## LISTED RECORDS
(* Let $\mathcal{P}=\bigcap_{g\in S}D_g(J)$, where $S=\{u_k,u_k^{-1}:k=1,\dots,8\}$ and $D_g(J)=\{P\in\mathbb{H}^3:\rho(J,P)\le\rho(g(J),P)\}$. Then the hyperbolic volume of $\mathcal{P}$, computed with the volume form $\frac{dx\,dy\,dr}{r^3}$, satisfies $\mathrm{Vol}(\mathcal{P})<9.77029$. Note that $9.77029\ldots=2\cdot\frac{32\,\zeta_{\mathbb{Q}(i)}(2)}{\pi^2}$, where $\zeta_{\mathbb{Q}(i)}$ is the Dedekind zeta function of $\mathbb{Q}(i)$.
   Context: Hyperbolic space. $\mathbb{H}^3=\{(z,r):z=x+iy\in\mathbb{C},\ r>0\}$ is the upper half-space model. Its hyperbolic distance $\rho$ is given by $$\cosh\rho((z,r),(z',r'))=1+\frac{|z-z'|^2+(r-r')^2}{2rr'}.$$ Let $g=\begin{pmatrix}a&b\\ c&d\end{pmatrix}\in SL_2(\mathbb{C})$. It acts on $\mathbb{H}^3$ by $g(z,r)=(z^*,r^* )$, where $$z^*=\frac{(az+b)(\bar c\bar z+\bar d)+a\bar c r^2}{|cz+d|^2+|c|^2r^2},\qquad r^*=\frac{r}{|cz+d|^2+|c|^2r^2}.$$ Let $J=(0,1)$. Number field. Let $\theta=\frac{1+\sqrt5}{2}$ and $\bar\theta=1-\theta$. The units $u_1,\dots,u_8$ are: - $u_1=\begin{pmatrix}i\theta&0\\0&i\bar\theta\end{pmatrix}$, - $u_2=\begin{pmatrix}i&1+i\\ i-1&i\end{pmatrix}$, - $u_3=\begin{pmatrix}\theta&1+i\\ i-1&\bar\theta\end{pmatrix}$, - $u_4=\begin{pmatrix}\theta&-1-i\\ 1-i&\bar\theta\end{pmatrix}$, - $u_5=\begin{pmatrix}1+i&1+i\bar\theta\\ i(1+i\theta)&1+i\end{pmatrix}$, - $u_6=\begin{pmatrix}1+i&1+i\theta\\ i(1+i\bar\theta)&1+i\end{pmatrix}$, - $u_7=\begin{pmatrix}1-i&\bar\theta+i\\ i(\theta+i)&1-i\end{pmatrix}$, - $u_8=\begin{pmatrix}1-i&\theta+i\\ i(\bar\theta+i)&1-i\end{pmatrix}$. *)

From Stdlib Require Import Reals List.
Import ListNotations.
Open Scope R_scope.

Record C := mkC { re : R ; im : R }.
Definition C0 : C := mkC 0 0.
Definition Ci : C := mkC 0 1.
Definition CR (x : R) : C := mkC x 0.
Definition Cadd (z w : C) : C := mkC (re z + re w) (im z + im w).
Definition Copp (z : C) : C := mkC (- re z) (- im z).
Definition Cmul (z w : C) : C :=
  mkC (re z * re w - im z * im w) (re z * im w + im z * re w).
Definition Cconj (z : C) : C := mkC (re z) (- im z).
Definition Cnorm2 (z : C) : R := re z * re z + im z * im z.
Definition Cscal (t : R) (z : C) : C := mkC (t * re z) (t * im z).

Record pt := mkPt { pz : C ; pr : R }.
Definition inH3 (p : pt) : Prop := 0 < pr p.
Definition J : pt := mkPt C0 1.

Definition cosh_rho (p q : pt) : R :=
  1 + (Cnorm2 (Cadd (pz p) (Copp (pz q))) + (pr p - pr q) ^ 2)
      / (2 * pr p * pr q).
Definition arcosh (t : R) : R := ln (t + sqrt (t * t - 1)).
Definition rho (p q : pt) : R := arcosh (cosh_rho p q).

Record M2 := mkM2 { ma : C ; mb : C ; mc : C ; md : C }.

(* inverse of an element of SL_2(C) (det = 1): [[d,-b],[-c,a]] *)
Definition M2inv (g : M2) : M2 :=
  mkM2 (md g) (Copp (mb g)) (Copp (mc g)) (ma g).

...

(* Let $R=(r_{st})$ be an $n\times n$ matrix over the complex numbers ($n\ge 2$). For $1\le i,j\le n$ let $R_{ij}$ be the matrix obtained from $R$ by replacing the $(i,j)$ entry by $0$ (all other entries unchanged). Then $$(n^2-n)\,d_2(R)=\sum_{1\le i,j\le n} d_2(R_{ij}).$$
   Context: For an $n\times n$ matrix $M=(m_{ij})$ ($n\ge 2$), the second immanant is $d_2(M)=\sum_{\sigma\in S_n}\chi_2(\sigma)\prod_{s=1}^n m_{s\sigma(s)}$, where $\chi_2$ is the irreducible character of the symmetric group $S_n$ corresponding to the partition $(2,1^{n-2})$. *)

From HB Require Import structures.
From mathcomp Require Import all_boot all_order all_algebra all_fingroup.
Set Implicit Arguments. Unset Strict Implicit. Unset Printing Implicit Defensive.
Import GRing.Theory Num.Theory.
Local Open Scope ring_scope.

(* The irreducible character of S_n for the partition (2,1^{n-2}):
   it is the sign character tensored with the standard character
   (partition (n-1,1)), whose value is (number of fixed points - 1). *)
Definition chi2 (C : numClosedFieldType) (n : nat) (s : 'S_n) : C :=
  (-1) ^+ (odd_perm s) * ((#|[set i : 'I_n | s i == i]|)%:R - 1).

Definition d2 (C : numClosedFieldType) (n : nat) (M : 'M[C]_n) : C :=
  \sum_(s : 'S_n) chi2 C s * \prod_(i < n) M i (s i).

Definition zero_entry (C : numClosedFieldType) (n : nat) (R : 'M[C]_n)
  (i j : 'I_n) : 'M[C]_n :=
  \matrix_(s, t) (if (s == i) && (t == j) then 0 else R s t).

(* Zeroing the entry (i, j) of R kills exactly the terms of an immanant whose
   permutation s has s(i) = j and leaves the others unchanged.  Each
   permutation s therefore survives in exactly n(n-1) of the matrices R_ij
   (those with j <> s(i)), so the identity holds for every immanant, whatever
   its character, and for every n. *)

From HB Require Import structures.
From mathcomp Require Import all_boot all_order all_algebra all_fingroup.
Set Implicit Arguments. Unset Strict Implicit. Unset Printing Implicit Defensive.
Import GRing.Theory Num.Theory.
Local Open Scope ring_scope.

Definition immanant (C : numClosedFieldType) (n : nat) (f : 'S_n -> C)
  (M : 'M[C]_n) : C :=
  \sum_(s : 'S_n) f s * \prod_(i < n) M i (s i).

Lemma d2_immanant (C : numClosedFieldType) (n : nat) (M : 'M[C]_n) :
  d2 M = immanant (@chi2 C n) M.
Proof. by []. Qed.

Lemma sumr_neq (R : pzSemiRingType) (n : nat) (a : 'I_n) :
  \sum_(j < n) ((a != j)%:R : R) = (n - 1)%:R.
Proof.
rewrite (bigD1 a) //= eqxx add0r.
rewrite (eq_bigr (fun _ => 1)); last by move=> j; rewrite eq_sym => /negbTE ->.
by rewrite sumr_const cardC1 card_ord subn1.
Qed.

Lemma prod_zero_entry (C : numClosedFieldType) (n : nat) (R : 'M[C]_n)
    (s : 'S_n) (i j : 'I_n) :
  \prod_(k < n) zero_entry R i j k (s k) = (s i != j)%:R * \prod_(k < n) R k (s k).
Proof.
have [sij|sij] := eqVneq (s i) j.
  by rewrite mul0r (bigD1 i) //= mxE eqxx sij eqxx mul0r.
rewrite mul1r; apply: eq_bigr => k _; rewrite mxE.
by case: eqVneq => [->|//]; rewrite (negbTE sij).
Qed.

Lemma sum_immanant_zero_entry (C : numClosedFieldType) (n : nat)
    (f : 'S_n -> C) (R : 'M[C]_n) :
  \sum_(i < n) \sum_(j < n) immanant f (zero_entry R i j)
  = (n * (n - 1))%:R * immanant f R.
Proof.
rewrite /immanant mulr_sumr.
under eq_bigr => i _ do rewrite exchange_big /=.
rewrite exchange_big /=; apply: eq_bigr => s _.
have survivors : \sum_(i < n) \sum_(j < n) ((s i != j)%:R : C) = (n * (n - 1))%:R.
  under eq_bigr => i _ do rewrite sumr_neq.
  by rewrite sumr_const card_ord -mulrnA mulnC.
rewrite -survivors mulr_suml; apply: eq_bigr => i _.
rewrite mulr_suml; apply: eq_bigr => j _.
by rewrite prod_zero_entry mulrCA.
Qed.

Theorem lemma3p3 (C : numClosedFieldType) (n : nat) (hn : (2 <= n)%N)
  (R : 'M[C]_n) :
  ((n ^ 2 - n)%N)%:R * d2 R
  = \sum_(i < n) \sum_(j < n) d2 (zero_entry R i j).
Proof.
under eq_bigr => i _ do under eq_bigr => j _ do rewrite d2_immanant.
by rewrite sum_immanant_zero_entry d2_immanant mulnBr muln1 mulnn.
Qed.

## WHAT YOU HAVE TO DO
From the data above, output exactly the lines between the one containing "Definition Copp (z" and the one containing "Definition Cnorm2 (z", counting both of them.

## RESPONSE TO THIS TASK
Definition Copp (z : C) : C := mkC (- re z) (- im z).
Definition Cmul (z w : C) : C :=
  mkC (re z * re w - im z * im w) (re z * im w + im z * re w).
Definition Cconj (z : C) : C := mkC (re z) (- im z).
Definition Cnorm2 (z : C) : R := re z * re z + im z * im z.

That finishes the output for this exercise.